For the children? You some sort of pedophile?
Anything can be found funny, from a certain point of view.
But, then I listened to what most of my coworkers were doing on their time off. They were watching American Idol and Lost. So, what's the bigger waste of time? I quit playing MMOs when I saw how much time it was taking away from my regular "life management" chores.
I swear to God...I swear to God! That is NOT how you treat your human!
Whenever I watch people playing MMOs and have tried them myself, I've noticed that the graphical and story quality is far inferior to a game with a fixed beginning and ending.
It's the difference between episodic television and a film. A feature film has very high quality standard packed into every minute, because the entire story arc is contained within that time frame, and they can afford the best actors, director, vfx etc. for that hour and a half which will play to large captive audiences paying a one time fee to see it. Episodic television spans a much larger time frame, and the average episode is budgeted accordingly, with many sets and situations being re-used.
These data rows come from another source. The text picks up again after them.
(* Let $A$ be a matching in $K_{2n}$ and let $M$ be uniformly random among perfect matchings of $K_{2n}$ containing $A$. Apply the following procedure $r_A$: set $A':=A$, $M':=M$; while $A'\ne\emptyset$: pick any $(u,v)\in A'$; pick an edge of $M'\setminus A'$ uniformly at random and order its endpoints uniformly at random as $(x,y)$; with probability $1-\frac1{2|M'\setminus A'|+1}$ replace the edges $\{u,v\},\{x,y\}$ in $M'$ by $\{u,y\},\{v,x\}$; then remove $(u,v)$ from $A'$. Output $M'$. Then $r_A(M)$ is a uniformly random perfect matching of $K_{2n}$. Moreover, for every perfect matching $M\supseteq A$, every edge of $r_A(M)$ not in $M$ is incident to a vertex covered by $A$; in particular, if $B$ is an edge set with $A\cup B$ a matching and $B\not\subseteq M$, then $B\not\subseteq r_A(M)$.
   Context: (When $M'\setminus A'=\emptyset$ the replacement step happens with probability $0$.) *)

From HB Require Import structures.
From mathcomp Require Import all_boot all_order all_algebra.
Set Implicit Arguments. Unset Strict Implicit. Unset Printing Implicit Defensive.
Import Order.TTheory GRing.Theory Num.Theory.
Local Open Scope ring_scope.

Section Defs.
Variable V : finType.

Definition matching (E : {set {set V}}) : bool :=
  [forall e in E, #|e| == 2%N] &&
  [forall e in E, forall f in E, (e != f) ==> [disjoint e & f]].

Definition perfect (E : {set {set V}}) : bool :=
  matching E && [forall x, exists e in E, x \in e].

Definition covered (A : {set {set V}}) (x : V) : bool := [exists e in A, x \in e].

Definition swapM (M : {set {set V}}) (u v x y : V) : {set {set V}} :=
  ((M :\ [set u; v]) :\ [set x; y]) :|: [set [set u; y]; [set v; x]].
The top end of standalone games are extremely high quality and offer an excellence in storytelling that is unmatched in the MMO universe. They also keep your interest until the logical conclusion. With an MMO, you eventually lose interest and it just sort of fades away. A few MMOs have gone bankrupt and crafted actual 'endings' to their worlds, but that's as far as it goes. The whole point is to get people to keep paying that monthly fee, ad infinitum.
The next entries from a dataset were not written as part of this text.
(* The isomorphism is given by a \o iid X and iid X \o v. *)
Lemma Iisomorphic_factor (X Y : IObj T) (a : Hom T (iob X) (iob Y))
    (v : Hom T (iob Y) (iob X)) :
  v \o a = iid X -> iid Y = a \o iid X \o v -> isomorphic (T := IT) X Y.
Proof.
move=> va eY; have e2 := compA_eq (iid_idem X).
have f_r : a \o iid X \o iid X = a \o iid X by rewrite -compA iid_idem.
have f_l : iid Y \o (a \o iid X) = a \o iid X.
  by rewrite eY -!compA (compA_eq va) e2 iid_idem.
have g_r : iid X \o v \o iid Y = iid X \o v.
  by rewrite eY -!compA (compA_eq va) !e2.
have g_l : iid X \o (iid X \o v) = iid X \o v by rewrite e2.
exists (Build_IHom f_r f_l), (Build_IHom g_r g_l).
split; apply: IHom_eq => /=.
- by rewrite -!compA (compA_eq va) e2 iid_idem.
- by rewrite eY -!compA e2.
Qed.

Lemma Iobj_factor (X : IObj T) Y (a : Hom T (iob X) Y) (v : Hom T Y (iob X)) :
  v \o a = iid X -> exists Z : IObj T, iob Z = Y /\ isomorphic (T := IT) X Z.
Proof.
move=> va.
have idem : a \o iid X \o v \o (a \o iid X \o v) = a \o iid X \o v.
  by rewrite -!compA (compA_eq va) !(compA_eq (iid_idem X)).
exists (Build_IObj idem); split => //.
exact: (@Iisomorphic_factor X (Build_IObj idem) a v va).
Qed.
Playing MMOs is the equivalent to watching television. It's just scratching an itch of compulsive behavior.
My most recent game experience was BioShock II. What a great game in general, especially towards the end when it gets weird. Machinarium is a $5 puzzle RPG game on Steam that is very engaging and well crafted. I've played all the Half Life games as well, and most of the big FPS games going back to the original Doom. The industry has come a long way. Great interactive stories. I think the turning point was the original Unreal single player game, which dropped this huge and colorful world in your lap after the Voodoo cards made it technically possible. Since then we've experienced progressively more detailed and sophisticated storytelling as technology and budgets allow.
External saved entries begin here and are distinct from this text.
(* Fix a training set S in T_t^ld and let P = span {xi_k}, of dimension at most
   r_max.  All inputs lie in P (x) H_R, so a unitary W acting as the identity on
   P satisfies (U W (x) I) psi_j = (U (x) I) psi_j: the hypothesis trained for
   the target U W is the one trained for U, while U W is again Haar distributed
   by right invariance.  Averaging over the finite family W = 1_P (+) Y, with Y
   running through a unitary 1-design (signed cyclic shifts) on the orthogonal
   complement of P, gives mean_W |Tr (W^* A)|^2 <= r_max^2 + 1 for every
   unitary A: the P-block has trace of modulus at most r_max, and the 1-design
   averages the complement block to at most 1.  Inserted into
   R_U(V) = 1 - (d + |Tr (U^* V)|^2) / (d (d + 1)) this bounds the risk
   integrated over U for every S; Fubini-Tonelli, applied to the positive part
   of the risk (which equals the risk almost everywhere), integrates over S. *)

Section SignVectors.
Variable C : numClosedFieldType.
Variable n : nat.
Local Notation signs := {ffun 'I_n -> bool}.
Implicit Types (s : signs) (i j : 'I_n).

Definition flip_at i s : signs :=
  [ffun j => if j == i then ~~ s j else s j].

Lemma flip_atK i : involutive (flip_at i).
Proof. by move=> s; apply/ffunP=> j; rewrite !ffunE; case: eqP => // _; rewrite negbK. Qed.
While MMOs have a higher dollar figure overall, I hope that highly produced downloaded content will always have a place. The multiplayer games I enjoy the most are the Starcraft type, where you can play a short campaign and be done. (no, that's not the same as going for a 'raid' in an MMO...)
I realize that there are two very distinct camps, and that the MMO players tend to be the younger ones with a lot of spare time on their hands. In any given Blizzard Q&A thread on Slashdot, the MMO related questions always far outnumber the Starcraft II / Diablo III questions, so the disparity in numbers is even evident there.
Hi guys, good to read your comments. I am Peter Warman, MD of gamesindustry.com, company behind the survey. Just to clarify: indeed, not 72% of 50+ play MMOs. Only 4% of female and 5% of male 50+ people play MMOs. You can see it by scrolling down the graphs here: http://www.gamesindustry.com/about-newzoo/todaysgamers_graphs_USA. The 72% accounts for all platforms. Elderly play mainly on online game portals. The money spent does NOT include Farmville or Facebook games in general. It DOES include kids MMOs/Virtual worlds such as HabboHotel and ClubPenguin. The respondents were selected from a huge panel that represents the complete nations surveyed. A lot of effort has been put in to get respondents representing the country. So we did not just ask gamers but all kinds of peopel evenly distributed across demographics. Please keep the questions coming.